Records to process: Begin
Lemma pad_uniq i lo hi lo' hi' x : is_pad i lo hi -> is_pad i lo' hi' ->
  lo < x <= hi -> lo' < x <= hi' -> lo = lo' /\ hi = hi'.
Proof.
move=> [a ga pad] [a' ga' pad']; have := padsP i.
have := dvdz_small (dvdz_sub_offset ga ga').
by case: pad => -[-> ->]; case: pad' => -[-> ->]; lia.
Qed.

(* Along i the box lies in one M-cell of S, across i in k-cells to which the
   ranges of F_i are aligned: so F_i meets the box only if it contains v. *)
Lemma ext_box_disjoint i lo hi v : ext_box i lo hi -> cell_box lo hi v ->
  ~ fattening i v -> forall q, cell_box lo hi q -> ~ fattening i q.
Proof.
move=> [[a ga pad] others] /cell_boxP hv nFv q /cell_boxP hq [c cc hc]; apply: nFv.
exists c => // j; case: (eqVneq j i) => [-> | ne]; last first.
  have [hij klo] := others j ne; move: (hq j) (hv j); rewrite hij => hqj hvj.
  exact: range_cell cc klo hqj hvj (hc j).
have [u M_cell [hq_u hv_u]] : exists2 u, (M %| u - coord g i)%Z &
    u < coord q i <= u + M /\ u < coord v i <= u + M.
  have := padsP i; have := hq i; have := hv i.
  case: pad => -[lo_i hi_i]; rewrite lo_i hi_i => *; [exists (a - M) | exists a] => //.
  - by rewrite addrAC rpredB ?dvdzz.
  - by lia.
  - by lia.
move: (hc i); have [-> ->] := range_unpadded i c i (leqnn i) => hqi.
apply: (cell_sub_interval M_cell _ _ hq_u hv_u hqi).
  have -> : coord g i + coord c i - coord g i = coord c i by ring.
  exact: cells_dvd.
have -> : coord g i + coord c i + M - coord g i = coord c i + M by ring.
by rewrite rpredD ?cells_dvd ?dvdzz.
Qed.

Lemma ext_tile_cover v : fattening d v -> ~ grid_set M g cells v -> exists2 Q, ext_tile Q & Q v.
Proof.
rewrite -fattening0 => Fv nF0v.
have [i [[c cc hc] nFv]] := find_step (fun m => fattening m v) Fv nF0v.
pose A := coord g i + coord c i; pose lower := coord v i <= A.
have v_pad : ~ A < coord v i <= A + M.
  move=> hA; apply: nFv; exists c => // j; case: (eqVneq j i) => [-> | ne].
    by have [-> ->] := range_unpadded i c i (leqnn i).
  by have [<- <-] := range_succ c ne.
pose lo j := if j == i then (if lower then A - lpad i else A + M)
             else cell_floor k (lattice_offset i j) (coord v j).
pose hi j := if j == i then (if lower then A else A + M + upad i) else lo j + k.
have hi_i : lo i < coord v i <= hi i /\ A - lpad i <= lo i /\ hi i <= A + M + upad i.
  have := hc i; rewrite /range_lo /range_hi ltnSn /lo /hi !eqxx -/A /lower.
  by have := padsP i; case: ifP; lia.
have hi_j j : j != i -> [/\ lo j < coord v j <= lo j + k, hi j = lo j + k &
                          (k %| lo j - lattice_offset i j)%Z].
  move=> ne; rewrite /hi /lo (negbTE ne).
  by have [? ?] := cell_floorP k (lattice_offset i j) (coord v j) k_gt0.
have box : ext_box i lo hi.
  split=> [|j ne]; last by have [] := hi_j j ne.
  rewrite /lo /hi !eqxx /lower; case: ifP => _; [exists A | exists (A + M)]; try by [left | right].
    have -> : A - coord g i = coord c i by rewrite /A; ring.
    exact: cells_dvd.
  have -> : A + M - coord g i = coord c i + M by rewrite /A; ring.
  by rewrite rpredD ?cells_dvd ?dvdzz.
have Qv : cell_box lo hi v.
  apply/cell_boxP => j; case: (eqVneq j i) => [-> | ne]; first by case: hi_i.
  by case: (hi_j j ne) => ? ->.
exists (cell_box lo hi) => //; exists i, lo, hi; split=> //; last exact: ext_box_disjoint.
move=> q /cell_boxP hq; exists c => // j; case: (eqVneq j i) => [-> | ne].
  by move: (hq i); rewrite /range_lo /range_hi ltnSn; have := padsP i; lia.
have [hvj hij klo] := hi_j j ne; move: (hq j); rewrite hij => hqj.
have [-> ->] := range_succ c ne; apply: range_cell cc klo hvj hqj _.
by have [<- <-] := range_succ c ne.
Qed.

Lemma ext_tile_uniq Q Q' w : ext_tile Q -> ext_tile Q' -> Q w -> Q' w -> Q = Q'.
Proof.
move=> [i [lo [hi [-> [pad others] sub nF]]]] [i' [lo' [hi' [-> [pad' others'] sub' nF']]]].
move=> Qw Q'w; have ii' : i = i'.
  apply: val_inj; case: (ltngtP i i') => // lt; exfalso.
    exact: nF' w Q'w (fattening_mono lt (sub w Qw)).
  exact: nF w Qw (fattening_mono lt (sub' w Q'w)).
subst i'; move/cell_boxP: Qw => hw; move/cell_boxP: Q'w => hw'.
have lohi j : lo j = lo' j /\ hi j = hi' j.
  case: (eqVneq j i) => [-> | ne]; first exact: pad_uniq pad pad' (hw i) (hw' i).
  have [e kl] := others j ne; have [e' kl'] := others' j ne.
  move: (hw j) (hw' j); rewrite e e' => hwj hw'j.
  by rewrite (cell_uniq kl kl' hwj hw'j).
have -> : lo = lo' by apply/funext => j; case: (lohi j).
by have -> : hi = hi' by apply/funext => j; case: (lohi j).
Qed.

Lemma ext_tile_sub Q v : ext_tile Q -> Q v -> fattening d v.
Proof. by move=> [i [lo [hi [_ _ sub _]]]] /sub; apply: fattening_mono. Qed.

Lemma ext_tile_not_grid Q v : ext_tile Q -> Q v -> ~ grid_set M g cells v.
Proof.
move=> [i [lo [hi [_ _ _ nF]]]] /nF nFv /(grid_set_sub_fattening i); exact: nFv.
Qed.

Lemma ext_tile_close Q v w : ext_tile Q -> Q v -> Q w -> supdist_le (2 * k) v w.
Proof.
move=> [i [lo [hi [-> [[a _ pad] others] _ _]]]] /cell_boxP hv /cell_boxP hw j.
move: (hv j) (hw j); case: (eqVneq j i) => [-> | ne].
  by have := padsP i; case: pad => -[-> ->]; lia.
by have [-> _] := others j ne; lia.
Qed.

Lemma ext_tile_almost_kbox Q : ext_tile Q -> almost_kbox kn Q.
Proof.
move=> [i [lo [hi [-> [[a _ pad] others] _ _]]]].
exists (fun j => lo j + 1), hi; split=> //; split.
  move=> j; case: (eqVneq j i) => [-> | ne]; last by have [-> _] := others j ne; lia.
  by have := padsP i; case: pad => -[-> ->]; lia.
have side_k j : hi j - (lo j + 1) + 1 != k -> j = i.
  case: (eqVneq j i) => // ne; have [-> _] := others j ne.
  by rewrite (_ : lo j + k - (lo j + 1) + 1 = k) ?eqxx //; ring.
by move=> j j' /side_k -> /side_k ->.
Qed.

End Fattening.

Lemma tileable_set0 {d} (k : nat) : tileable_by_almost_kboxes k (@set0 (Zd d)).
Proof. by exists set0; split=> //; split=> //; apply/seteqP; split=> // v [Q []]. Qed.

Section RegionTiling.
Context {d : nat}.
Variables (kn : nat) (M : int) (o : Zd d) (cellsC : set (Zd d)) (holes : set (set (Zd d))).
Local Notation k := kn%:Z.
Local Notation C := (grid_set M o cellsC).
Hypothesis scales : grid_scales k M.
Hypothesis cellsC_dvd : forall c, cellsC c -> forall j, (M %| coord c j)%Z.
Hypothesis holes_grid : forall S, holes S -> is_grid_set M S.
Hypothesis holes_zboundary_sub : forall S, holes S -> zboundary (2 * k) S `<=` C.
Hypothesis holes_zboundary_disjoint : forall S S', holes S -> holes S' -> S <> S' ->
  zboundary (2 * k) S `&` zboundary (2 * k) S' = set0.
Records to process: End
Records to process: Begin
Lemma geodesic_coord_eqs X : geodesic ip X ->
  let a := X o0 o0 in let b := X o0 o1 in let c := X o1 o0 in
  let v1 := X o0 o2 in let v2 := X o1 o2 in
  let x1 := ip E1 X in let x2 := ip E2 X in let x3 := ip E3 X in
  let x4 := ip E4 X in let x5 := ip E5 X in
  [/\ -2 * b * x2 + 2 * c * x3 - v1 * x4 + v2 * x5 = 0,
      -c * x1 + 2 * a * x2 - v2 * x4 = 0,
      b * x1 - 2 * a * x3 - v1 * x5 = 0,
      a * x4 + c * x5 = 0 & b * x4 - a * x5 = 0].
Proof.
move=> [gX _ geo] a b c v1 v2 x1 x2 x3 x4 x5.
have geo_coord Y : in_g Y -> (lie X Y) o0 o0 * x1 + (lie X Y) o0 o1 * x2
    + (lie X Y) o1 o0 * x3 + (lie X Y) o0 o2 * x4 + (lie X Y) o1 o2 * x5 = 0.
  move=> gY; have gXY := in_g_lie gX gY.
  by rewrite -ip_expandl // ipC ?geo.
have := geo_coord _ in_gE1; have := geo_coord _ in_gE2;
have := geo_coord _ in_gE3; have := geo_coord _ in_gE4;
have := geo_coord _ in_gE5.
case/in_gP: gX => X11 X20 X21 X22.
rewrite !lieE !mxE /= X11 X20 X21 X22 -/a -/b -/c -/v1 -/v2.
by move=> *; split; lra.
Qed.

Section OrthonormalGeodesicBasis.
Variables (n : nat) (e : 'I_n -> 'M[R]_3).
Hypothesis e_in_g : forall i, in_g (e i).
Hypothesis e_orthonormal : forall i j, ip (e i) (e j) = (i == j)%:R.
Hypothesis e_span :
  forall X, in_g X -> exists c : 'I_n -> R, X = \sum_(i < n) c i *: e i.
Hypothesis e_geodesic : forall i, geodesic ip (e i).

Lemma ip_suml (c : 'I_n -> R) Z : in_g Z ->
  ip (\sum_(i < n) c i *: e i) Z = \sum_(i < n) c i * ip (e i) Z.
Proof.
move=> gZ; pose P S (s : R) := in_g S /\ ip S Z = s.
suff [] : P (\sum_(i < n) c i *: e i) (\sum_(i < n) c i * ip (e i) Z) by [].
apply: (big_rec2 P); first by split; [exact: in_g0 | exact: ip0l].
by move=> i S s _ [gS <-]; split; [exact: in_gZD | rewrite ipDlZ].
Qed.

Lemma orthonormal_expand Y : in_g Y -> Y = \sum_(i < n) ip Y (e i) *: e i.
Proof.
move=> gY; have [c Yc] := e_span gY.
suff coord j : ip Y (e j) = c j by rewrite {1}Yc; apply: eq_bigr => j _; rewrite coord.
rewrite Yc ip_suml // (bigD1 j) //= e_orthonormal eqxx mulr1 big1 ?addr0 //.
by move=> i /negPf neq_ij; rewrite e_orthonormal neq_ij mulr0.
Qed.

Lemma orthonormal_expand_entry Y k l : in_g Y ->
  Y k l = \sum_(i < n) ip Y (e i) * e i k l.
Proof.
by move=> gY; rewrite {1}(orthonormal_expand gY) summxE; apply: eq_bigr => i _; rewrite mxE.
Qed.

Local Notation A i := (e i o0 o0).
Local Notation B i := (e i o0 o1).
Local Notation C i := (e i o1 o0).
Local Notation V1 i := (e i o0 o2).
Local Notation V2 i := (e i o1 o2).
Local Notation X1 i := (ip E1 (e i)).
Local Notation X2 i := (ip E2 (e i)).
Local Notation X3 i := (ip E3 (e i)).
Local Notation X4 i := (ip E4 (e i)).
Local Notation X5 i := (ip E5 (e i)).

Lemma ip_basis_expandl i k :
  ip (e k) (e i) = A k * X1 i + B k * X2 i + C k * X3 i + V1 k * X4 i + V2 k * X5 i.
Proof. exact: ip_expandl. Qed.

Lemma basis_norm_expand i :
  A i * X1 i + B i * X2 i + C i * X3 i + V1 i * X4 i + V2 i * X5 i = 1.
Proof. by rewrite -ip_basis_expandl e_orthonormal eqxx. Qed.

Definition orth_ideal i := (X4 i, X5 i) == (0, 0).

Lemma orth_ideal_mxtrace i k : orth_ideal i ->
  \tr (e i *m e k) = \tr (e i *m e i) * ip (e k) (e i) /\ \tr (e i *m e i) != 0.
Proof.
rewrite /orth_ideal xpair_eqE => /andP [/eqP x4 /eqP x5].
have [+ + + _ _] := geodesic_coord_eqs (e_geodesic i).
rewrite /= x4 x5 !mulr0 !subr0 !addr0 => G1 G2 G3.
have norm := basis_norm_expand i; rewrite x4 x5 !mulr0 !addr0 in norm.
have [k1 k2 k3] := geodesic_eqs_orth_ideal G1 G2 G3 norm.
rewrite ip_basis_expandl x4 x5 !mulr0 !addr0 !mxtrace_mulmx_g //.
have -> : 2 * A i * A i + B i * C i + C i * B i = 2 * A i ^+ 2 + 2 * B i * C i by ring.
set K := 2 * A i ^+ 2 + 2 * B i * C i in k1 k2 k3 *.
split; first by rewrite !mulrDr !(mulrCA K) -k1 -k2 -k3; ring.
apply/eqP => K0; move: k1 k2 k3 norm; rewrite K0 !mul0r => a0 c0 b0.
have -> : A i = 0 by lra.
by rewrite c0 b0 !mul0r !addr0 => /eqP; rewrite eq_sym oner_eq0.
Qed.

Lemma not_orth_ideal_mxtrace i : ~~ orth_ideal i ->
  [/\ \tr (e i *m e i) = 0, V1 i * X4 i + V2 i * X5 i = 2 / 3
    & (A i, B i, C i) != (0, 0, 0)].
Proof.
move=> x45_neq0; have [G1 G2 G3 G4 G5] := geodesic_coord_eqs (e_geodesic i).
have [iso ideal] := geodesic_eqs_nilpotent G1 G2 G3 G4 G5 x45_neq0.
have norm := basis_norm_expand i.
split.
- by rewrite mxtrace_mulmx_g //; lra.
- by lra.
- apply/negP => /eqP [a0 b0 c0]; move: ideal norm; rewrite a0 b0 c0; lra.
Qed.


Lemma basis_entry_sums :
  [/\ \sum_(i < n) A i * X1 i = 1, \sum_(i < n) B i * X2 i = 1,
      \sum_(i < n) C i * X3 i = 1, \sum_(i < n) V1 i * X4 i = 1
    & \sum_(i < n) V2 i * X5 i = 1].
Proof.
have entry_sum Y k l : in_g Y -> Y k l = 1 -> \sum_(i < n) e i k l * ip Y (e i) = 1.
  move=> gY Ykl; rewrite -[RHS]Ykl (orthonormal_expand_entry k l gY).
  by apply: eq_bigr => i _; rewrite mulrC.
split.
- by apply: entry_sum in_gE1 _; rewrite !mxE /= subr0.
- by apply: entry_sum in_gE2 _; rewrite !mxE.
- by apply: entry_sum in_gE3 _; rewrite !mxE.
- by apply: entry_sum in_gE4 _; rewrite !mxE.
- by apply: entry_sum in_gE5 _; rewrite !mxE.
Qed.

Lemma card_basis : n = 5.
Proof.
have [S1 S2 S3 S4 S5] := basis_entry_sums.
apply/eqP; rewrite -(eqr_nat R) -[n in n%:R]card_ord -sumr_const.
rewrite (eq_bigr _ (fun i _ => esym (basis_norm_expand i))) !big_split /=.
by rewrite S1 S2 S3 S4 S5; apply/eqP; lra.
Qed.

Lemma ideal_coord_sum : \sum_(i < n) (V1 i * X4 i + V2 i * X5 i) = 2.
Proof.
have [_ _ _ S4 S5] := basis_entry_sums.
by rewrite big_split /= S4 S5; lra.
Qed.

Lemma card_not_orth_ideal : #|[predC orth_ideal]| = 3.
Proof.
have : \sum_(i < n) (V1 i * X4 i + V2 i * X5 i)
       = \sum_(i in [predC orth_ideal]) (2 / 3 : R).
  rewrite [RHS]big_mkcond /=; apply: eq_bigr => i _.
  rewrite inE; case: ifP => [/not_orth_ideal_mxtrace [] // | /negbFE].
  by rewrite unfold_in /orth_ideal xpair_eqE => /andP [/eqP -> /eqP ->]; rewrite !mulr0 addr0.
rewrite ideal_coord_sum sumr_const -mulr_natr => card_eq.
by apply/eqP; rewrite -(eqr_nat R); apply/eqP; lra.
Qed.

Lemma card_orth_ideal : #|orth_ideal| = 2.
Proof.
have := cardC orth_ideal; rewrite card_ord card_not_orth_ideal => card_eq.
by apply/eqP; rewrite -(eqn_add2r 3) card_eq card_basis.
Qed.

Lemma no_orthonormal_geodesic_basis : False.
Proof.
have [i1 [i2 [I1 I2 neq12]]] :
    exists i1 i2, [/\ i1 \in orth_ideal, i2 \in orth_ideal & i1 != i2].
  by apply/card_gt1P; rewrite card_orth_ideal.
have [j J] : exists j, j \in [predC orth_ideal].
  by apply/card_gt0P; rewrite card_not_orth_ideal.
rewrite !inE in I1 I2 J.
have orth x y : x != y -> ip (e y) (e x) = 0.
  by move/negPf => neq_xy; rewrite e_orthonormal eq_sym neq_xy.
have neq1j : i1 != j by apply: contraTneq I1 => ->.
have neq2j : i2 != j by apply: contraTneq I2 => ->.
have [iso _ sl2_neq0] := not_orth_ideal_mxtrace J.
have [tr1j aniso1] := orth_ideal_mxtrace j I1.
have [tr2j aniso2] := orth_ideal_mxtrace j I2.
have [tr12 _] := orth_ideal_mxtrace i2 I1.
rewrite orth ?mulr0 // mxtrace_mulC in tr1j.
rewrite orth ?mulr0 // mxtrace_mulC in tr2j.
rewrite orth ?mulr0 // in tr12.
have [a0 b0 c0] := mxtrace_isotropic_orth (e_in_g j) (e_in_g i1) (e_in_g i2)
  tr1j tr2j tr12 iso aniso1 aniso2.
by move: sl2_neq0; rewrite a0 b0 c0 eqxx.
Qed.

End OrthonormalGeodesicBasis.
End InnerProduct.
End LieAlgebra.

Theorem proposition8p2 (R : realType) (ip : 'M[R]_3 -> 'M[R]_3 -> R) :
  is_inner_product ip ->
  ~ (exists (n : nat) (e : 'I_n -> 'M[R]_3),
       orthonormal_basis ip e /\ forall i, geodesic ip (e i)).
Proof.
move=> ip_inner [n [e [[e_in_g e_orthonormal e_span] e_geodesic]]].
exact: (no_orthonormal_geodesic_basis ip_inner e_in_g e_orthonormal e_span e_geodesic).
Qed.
Records to process: End
Records to process: Begin
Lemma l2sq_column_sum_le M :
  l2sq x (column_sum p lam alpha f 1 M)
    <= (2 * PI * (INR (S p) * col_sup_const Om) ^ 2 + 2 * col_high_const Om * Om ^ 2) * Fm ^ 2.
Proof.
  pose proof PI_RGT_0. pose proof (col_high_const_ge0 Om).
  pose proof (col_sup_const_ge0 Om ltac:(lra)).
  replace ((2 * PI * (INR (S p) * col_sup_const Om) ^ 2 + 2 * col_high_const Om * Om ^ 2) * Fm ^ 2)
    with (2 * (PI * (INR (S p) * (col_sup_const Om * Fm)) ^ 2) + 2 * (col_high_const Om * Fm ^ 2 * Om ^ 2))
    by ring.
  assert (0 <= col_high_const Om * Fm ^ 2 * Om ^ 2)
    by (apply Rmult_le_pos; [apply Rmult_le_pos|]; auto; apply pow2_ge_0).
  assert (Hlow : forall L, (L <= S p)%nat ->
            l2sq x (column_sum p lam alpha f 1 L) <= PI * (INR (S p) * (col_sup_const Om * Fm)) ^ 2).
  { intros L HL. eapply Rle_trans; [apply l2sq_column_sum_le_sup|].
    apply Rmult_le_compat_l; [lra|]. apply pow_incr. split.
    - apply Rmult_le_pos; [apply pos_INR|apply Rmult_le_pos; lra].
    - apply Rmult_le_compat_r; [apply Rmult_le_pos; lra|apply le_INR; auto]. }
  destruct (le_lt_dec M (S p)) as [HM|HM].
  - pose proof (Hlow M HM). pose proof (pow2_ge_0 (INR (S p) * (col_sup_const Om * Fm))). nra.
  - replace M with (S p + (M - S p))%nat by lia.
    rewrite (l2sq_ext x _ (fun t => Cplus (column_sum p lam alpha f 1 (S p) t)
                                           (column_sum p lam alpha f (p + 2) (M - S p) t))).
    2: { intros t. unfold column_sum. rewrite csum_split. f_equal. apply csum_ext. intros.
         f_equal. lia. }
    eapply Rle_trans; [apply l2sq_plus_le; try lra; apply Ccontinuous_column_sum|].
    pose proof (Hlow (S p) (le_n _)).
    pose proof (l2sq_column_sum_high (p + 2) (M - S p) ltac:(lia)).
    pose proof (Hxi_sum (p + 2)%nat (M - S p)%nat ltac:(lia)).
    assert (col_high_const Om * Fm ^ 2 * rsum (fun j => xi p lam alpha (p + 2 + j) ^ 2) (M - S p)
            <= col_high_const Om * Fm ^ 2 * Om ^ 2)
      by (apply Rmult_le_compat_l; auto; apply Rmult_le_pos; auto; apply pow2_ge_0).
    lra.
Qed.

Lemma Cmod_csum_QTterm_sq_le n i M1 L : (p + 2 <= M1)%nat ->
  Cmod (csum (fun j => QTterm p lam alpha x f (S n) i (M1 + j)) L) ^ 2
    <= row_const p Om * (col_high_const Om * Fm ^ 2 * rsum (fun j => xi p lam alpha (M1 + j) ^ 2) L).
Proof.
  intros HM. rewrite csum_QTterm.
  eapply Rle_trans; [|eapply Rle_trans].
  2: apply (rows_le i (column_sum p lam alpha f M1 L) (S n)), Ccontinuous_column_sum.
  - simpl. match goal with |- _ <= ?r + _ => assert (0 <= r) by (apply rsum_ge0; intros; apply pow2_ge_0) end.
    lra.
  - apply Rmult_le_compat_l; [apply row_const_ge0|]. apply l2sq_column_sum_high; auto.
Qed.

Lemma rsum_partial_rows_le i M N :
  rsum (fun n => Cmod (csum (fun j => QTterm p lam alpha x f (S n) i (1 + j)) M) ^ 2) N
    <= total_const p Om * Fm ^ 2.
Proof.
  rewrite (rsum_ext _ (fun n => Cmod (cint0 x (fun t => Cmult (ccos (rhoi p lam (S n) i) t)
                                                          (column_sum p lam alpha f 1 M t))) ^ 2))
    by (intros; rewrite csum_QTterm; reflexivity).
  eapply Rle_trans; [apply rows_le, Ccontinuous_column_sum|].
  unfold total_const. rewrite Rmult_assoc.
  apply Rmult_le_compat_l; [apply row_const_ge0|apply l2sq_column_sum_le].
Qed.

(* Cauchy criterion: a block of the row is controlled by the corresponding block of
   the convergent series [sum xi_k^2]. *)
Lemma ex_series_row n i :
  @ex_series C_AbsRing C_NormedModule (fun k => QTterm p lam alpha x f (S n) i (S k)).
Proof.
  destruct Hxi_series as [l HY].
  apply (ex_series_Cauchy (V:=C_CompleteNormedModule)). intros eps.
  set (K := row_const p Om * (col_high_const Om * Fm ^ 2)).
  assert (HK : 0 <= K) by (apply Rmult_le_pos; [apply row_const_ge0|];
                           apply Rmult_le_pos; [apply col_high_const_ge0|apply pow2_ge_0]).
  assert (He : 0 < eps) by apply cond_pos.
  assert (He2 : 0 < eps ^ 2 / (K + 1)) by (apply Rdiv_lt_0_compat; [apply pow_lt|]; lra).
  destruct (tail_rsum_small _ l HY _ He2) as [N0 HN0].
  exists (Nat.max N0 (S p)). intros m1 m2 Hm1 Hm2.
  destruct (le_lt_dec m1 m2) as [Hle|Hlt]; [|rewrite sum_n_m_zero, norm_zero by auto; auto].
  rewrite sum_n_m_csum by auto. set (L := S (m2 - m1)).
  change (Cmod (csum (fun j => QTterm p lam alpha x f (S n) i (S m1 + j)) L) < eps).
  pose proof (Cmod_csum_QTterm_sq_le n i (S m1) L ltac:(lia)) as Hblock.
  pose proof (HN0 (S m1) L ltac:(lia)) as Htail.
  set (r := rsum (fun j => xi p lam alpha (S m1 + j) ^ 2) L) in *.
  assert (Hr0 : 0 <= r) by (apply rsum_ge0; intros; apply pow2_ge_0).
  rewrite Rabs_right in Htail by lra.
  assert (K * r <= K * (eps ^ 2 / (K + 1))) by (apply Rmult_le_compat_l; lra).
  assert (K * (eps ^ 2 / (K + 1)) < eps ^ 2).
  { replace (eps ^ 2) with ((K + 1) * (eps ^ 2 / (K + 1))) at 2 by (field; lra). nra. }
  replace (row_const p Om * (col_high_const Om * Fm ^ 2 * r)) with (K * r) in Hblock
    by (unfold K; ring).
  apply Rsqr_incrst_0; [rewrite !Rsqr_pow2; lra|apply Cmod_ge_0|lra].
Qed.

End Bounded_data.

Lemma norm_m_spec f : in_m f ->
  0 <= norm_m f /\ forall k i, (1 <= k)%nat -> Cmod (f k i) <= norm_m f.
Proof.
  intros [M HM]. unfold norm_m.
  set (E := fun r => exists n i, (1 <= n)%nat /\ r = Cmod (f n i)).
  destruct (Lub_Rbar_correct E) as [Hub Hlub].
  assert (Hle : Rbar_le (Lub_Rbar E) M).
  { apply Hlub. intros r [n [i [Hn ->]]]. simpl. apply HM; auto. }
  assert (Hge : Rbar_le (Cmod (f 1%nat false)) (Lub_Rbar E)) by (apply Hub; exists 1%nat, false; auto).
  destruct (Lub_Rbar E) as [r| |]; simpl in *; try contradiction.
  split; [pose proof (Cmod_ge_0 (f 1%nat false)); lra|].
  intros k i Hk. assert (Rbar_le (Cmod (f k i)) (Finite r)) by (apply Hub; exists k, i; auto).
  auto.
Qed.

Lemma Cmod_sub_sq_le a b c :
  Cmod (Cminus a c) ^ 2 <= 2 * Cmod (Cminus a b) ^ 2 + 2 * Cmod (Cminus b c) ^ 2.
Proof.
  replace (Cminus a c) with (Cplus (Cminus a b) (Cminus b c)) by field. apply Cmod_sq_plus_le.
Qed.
Records to process: End
◆ **Task prompt**: The answer should be one number, the count of lines above that contain "Cminus".

◆ **Exercise output**: 2